Action item
Starting from the line that contains "From Stdlib Require Import Reals Lra Lia.", reproduce each line exactly through the end of the material, and include no other lines.

Top of Source material

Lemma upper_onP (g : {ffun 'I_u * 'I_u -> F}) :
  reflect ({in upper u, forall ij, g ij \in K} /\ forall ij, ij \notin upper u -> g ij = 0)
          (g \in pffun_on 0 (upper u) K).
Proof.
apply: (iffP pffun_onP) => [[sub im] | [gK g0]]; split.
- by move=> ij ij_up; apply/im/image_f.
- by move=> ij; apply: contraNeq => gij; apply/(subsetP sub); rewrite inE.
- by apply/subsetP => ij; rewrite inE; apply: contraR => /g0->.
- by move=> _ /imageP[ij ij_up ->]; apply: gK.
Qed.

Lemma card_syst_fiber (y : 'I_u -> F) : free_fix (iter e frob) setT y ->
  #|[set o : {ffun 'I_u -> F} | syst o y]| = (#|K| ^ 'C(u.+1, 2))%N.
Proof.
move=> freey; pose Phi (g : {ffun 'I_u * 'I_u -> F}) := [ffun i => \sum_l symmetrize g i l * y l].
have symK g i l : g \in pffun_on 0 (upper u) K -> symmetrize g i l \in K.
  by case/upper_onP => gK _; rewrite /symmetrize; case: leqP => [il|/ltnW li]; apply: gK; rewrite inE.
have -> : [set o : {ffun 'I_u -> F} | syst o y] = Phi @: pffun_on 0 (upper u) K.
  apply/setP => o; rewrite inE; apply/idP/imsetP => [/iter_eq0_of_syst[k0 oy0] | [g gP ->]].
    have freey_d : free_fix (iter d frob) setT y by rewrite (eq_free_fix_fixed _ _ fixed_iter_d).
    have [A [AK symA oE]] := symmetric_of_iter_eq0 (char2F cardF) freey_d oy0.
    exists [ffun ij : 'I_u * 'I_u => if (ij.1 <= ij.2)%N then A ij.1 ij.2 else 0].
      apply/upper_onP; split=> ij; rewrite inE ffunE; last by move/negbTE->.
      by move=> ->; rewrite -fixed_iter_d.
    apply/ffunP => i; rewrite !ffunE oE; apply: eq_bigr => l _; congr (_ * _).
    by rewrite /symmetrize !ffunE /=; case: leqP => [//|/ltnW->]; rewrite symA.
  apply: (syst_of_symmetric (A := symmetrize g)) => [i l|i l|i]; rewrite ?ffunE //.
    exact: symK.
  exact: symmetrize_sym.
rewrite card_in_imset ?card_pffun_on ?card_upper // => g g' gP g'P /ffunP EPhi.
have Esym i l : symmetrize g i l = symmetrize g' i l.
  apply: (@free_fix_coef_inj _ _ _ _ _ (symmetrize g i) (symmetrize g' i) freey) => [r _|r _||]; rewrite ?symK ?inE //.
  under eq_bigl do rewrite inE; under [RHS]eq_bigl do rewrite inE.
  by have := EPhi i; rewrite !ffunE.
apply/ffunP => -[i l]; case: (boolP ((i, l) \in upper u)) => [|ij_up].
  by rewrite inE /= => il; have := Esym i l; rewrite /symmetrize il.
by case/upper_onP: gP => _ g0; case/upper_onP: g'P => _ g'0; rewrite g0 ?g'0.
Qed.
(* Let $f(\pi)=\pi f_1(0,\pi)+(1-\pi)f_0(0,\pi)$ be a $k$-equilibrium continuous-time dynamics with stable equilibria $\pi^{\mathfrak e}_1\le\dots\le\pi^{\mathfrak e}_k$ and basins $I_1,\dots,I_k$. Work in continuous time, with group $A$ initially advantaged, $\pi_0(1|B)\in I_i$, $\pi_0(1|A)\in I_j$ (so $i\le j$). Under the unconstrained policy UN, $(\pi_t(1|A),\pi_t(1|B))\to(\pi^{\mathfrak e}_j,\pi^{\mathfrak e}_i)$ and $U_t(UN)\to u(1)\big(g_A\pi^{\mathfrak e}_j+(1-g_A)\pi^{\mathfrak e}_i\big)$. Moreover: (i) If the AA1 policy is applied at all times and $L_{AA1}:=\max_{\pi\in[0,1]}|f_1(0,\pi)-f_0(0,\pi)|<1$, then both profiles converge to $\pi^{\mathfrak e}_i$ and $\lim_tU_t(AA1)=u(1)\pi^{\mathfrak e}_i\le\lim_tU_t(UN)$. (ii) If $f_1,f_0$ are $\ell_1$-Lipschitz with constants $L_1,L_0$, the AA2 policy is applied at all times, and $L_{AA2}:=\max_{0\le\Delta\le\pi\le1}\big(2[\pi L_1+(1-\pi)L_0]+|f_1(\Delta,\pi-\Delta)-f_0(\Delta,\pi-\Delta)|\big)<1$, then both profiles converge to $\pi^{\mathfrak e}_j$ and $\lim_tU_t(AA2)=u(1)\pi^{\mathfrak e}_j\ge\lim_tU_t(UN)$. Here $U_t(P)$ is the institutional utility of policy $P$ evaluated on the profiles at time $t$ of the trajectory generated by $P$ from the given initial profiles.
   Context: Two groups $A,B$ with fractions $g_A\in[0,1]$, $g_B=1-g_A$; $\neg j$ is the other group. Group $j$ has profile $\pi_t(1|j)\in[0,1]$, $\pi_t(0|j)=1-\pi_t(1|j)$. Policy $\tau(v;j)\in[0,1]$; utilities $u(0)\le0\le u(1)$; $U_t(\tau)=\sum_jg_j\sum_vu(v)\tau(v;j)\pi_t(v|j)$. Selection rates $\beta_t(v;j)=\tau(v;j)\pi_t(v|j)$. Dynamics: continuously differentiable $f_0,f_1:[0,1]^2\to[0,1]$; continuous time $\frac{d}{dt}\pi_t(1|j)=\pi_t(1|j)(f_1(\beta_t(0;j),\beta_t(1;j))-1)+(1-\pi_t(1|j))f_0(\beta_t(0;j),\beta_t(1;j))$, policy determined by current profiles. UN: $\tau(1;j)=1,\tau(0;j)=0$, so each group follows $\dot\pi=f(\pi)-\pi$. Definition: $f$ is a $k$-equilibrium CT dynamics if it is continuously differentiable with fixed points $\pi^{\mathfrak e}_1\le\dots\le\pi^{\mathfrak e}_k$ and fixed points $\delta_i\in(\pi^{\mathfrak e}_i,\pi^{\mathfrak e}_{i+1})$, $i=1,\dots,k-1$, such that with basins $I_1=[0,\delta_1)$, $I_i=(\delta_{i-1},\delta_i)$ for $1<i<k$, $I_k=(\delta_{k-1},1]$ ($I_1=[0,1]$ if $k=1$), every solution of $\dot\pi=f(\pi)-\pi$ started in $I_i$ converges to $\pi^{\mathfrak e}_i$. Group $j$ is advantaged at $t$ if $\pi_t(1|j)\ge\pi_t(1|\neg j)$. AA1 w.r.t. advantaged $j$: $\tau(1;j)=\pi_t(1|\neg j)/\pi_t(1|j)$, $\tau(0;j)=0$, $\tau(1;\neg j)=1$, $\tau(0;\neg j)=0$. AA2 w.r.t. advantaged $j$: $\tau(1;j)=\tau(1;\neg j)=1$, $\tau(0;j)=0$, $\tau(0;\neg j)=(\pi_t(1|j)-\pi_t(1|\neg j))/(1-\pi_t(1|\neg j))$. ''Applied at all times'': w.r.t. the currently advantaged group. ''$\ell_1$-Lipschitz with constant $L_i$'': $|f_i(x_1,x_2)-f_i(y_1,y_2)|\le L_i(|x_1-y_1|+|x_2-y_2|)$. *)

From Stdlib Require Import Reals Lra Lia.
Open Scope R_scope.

Bottom of Source material

Output
From Stdlib Require Import Reals Lra Lia.
Open Scope R_scope.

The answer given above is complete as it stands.